Let Lfun_XnYn : (((fun x => x ^+ m) \o X) \* ((fun x => x ^+ m) \o Y)) \in Lfun P 1.
Proof.
have := independent_Lfun1_mul XY (mexprn m) (mexprn m).
by apply; [exact: LfunXn | exact: LfunYn].
Qed.

Let Lfun_XcorrY : ((id \o X) \* (corrector n \o Y)) \in Lfun P 1.
Proof.
have := independent_Lfun1_mul XY mid (measurable_corrector n).
by apply; [exact: LfunX | exact: Lfun_corrector].
Qed.

Let Lfun_YcorrX : ((id \o Y) \* (corrector n \o X)) \in Lfun P 1.
Proof.
have := independent_Lfun1_mul (independent_RV_sym XY) mid (measurable_corrector n).
by apply; [exact: LfunY | exact: Lfun_corrector].
Qed.

(* [k \o* f] is [fun w => f w * k], hence the commutation. *)
Let kernelE : (fun w => kernel n M (X w) (Y w)) =
  (fun w => `|X w - Y w| ^+ m.+1) \- ((fun x => x ^+ m.+1) \o X)
  \- ((fun x => x ^+ m.+1) \o Y)
  \- M \o* (((fun x => x ^+ m) \o X) \* ((fun x => x ^+ m) \o Y))
  \+ (id \o X) \* (corrector n \o Y) \+ (id \o Y) \* (corrector n \o X).
Proof. by apply/funext => w; rewrite /kernel [M * _]mulrC. Qed.

Lemma Lfun1_kernel : (fun w => kernel n M (X w) (Y w)) \in Lfun P 1.
Proof.
have LfunMXnYn := Lfun_scale M (lexx 1) Lfun_XnYn.
rewrite kernelE; apply: rpredD; [apply: rpredD | exact: Lfun_YcorrX].
  exact: (rpredB (rpredB (rpredB Lfun_dist (LfunXn _)) (LfunYn _)) LfunMXnYn).
exact: Lfun_XcorrY.
Qed.

Lemma expectation_kernel : ('E_P[X] = 0)%E ->
  ('E_P[fun w => kernel n M (X w) (Y w)] =
   'E_P[(fun w => `|X w - Y w| ^+ m.+1)%R] - 2%:E * 'E_P[(fun w => X w ^+ m.+1)%R]
   - M%:E * 'E_P[(fun w => X w ^+ m)%R] ^+ 2)%E.
Proof.
move=> EX0; have EidX : ('E_P[id \o X] = 0)%E := EX0.
have EYn k : ('E_P[((fun x => x ^+ k) \o Y)%R] = 'E_P[((fun x => x ^+ k) \o X)%R])%E.
  exact/esym/(identically_distributed_expectation XeqY (mexprn k)).
have EidY : ('E_P[id \o Y] = 0)%E by rewrite -EidX; exact: (EYn 1%N).
have LfunMXnYn := Lfun_scale M (lexx 1) Lfun_XnYn.
(* the closure instance of [Lfun P 1] is indexed by a proof of [1 <= 1] *)
have /(_ (lexx 1)) L1 := rpredB Lfun_dist (LfunXn m.+1).
have L2 := rpredB L1 (LfunYn m.+1).
have L3 := rpredB L2 LfunMXnYn.
have L4 := rpredD L3 Lfun_XcorrY.
rewrite kernelE (expectationD L4 Lfun_YcorrX) (expectationD L3 Lfun_XcorrY).
rewrite (expectationB L2 LfunMXnYn) (expectationB L1 (LfunYn _)).
rewrite (expectationB Lfun_dist (LfunXn _)) (expectationZl _ Lfun_XnYn).
rewrite (independent_expectation_mul XY (mexprn m) (mexprn m) (LfunXn m) (LfunYn m)).
rewrite (independent_expectation_mul XY mid (measurable_corrector n) LfunX
  (Lfun_corrector Yc)).
rewrite (independent_expectation_mul (independent_RV_sym XY) mid
  (measurable_corrector n) LfunY (Lfun_corrector Xc)).
rewrite !EYn EidX EidY !mul0e !adde0.
rewrite -(fineK (expectation_fin_num Lfun_dist)).
rewrite -(fineK (expectation_fin_num (LfunXn m.+1))).
rewrite -(fineK (expectation_fin_num (LfunXn m))).
by rewrite -EFin_expe -!EFinM -!EFinD; congr EFin; ring.
Qed.

Lemma expectation_kernel_ge0 :
  (0 < n)%N -> 0 <= M -> M * c ^+ m.-1 <= m.-1%:R / 3 ->
  (0 <= 'E_P[fun w => kernel n M (X w) (Y w)])%E.
Proof.
move=> n_gt0 M_ge0 Mc; apply: expectation_ae_ge0 Lfun1_kernel _.
by apply: filterS2 Xc Yc => w; exact: kernel_ge0.
Qed.

End kernel_expectation.

Theorem proposition1 (d : measure_display) (T : measurableType d)
  (R : realType) (P : probability T R) (X Y : {RV P >-> R})
  (n : nat) (M : R) :
  (0 < n)%N -> 0 < M ->
  independent_RV X Y -> identically_distributed X Y ->
  {ae P, forall w,
     `|X w| <= (((2 * n - 1)%N%:R / (3 * M)) `^ (1 / (2 * n - 1)%N%:R))} ->
  (forall j : nat, (1 <= j <= n)%N ->
     ('E_P[(fun w => X w ^+ (2 * j - 1))%R] = 0)%E) ->
  (0 <= 'E_P[(fun w => `|X w - Y w| ^+ (2 * n + 1))%R]
        - 2%:E * 'E_P[(fun w => X w ^+ (2 * n + 1))%R]
        - M%:E * ('E_P[(fun w => X w ^+ (2 * n))%R]) ^+ 2)%E.
Proof.
move=> n_gt0 M_gt0 XY XeqY; rewrite subn1 !addn1 => Xc odd_moments.
have EX0 : ('E_P[X] = 0)%E := odd_moments 1%N n_gt0.
have Mc : M * (((2 * n).-1%:R / (3 * M)) `^ (1 / (2 * n).-1%:R)) ^+ (2 * n).-1
          <= (2 * n).-1%:R / 3.
  have k_gt0 : (0 < (2 * n).-1)%N by lia.
  rewrite powR_invn_exprn //; last by rewrite divr_ge0 // mulr_ge0 // ltW.
  by rewrite mulrC invfM mulrA mulfVK ?gt_eqF.
have := expectation_kernel_ge0 XY XeqY Xc n_gt0 (ltW M_gt0) Mc.
by rewrite (expectation_kernel n M XY XeqY Xc EX0).
Qed.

Prompt →
Every line in the material must be retyped exactly, with none omitted.

Output for this exercise →
Let Lfun_XnYn : (((fun x => x ^+ m) \o X) \* ((fun x => x ^+ m) \o Y)) \in Lfun P 1.
Proof.
have := independent_Lfun1_mul XY (mexprn m) (mexprn m).
by apply; [exact: LfunXn | exact: LfunYn].
Qed.

Let Lfun_XcorrY : ((id \o X) \* (corrector n \o Y)) \in Lfun P 1.
Proof.
have := independent_Lfun1_mul XY mid (measurable_corrector n).
by apply; [exact: LfunX | exact: Lfun_corrector].
Qed.

Let Lfun_YcorrX : ((id \o Y) \* (corrector n \o X)) \in Lfun P 1.
Proof.
have := independent_Lfun1_mul (independent_RV_sym XY) mid (measurable_corrector n).
by apply; [exact: LfunY | exact: Lfun_corrector].
Qed.

(* [k \o* f] is [fun w => f w * k], hence the commutation. *)
Let kernelE : (fun w => kernel n M (X w) (Y w)) =
  (fun w => `|X w - Y w| ^+ m.+1) \- ((fun x => x ^+ m.+1) \o X)
  \- ((fun x => x ^+ m.+1) \o Y)
  \- M \o* (((fun x => x ^+ m) \o X) \* ((fun x => x ^+ m) \o Y))
  \+ (id \o X) \* (corrector n \o Y) \+ (id \o Y) \* (corrector n \o X).
Proof. by apply/funext => w; rewrite /kernel [M * _]mulrC. Qed.

Lemma Lfun1_kernel : (fun w => kernel n M (X w) (Y w)) \in Lfun P 1.
Proof.
have LfunMXnYn := Lfun_scale M (lexx 1) Lfun_XnYn.
rewrite kernelE; apply: rpredD; [apply: rpredD | exact: Lfun_YcorrX].
  exact: (rpredB (rpredB (rpredB Lfun_dist (LfunXn _)) (LfunYn _)) LfunMXnYn).
exact: Lfun_XcorrY.
Qed.

Lemma expectation_kernel : ('E_P[X] = 0)%E ->
  ('E_P[fun w => kernel n M (X w) (Y w)] =
   'E_P[(fun w => `|X w - Y w| ^+ m.+1)%R] - 2%:E * 'E_P[(fun w => X w ^+ m.+1)%R]
   - M%:E * 'E_P[(fun w => X w ^+ m)%R] ^+ 2)%E.
Proof.
move=> EX0; have EidX : ('E_P[id \o X] = 0)%E := EX0.
have EYn k : ('E_P[((fun x => x ^+ k) \o Y)%R] = 'E_P[((fun x => x ^+ k) \o X)%R])%E.
  exact/esym/(identically_distributed_expectation XeqY (mexprn k)).
have EidY : ('E_P[id \o Y] = 0)%E by rewrite -EidX; exact: (EYn 1%N).
have LfunMXnYn := Lfun_scale M (lexx 1) Lfun_XnYn.
(* the closure instance of [Lfun P 1] is indexed by a proof of [1 <= 1] *)
have /(_ (lexx 1)) L1 := rpredB Lfun_dist (LfunXn m.+1).
have L2 := rpredB L1 (LfunYn m.+1).
have L3 := rpredB L2 LfunMXnYn.
have L4 := rpredD L3 Lfun_XcorrY.
rewrite kernelE (expectationD L4 Lfun_YcorrX) (expectationD L3 Lfun_XcorrY).
rewrite (expectationB L2 LfunMXnYn) (expectationB L1 (LfunYn _)).
rewrite (expectationB Lfun_dist (LfunXn _)) (expectationZl _ Lfun_XnYn).
rewrite (independent_expectation_mul XY (mexprn m) (mexprn m) (LfunXn m) (LfunYn m)).
rewrite (independent_expectation_mul XY mid (measurable_corrector n) LfunX
  (Lfun_corrector Yc)).
rewrite (independent_expectation_mul (independent_RV_sym XY) mid
  (measurable_corrector n) LfunY (Lfun_corrector Xc)).
rewrite !EYn EidX EidY !mul0e !adde0.
rewrite -(fineK (expectation_fin_num Lfun_dist)).
rewrite -(fineK (expectation_fin_num (LfunXn m.+1))).
rewrite -(fineK (expectation_fin_num (LfunXn m))).
by rewrite -EFin_expe -!EFinM -!EFinD; congr EFin; ring.
Qed.

Lemma expectation_kernel_ge0 :
  (0 < n)%N -> 0 <= M -> M * c ^+ m.-1 <= m.-1%:R / 3 ->
  (0 <= 'E_P[fun w => kernel n M (X w) (Y w)])%E.
Proof.
move=> n_gt0 M_ge0 Mc; apply: expectation_ae_ge0 Lfun1_kernel _.
by apply: filterS2 Xc Yc => w; exact: kernel_ge0.
Qed.

End kernel_expectation.

Theorem proposition1 (d : measure_display) (T : measurableType d)
  (R : realType) (P : probability T R) (X Y : {RV P >-> R})
  (n : nat) (M : R) :
  (0 < n)%N -> 0 < M ->
  independent_RV X Y -> identically_distributed X Y ->
  {ae P, forall w,
     `|X w| <= (((2 * n - 1)%N%:R / (3 * M)) `^ (1 / (2 * n - 1)%N%:R))} ->
  (forall j : nat, (1 <= j <= n)%N ->
     ('E_P[(fun w => X w ^+ (2 * j - 1))%R] = 0)%E) ->
  (0 <= 'E_P[(fun w => `|X w - Y w| ^+ (2 * n + 1))%R]
        - 2%:E * 'E_P[(fun w => X w ^+ (2 * n + 1))%R]
        - M%:E * ('E_P[(fun w => X w ^+ (2 * n))%R]) ^+ 2)%E.
Proof.
move=> n_gt0 M_gt0 XY XeqY; rewrite subn1 !addn1 => Xc odd_moments.
have EX0 : ('E_P[X] = 0)%E := odd_moments 1%N n_gt0.
have Mc : M * (((2 * n).-1%:R / (3 * M)) `^ (1 / (2 * n).-1%:R)) ^+ (2 * n).-1
          <= (2 * n).-1%:R / 3.
  have k_gt0 : (0 < (2 * n).-1)%N by lia.
  rewrite powR_invn_exprn //; last by rewrite divr_ge0 // mulr_ge0 // ltW.
  by rewrite mulrC invfM mulrA mulfVK ?gt_eqF.
have := expectation_kernel_ge0 XY XeqY Xc n_gt0 (ltW M_gt0) Mc.
by rewrite (expectation_kernel n M XY XeqY Xc EX0).
Qed.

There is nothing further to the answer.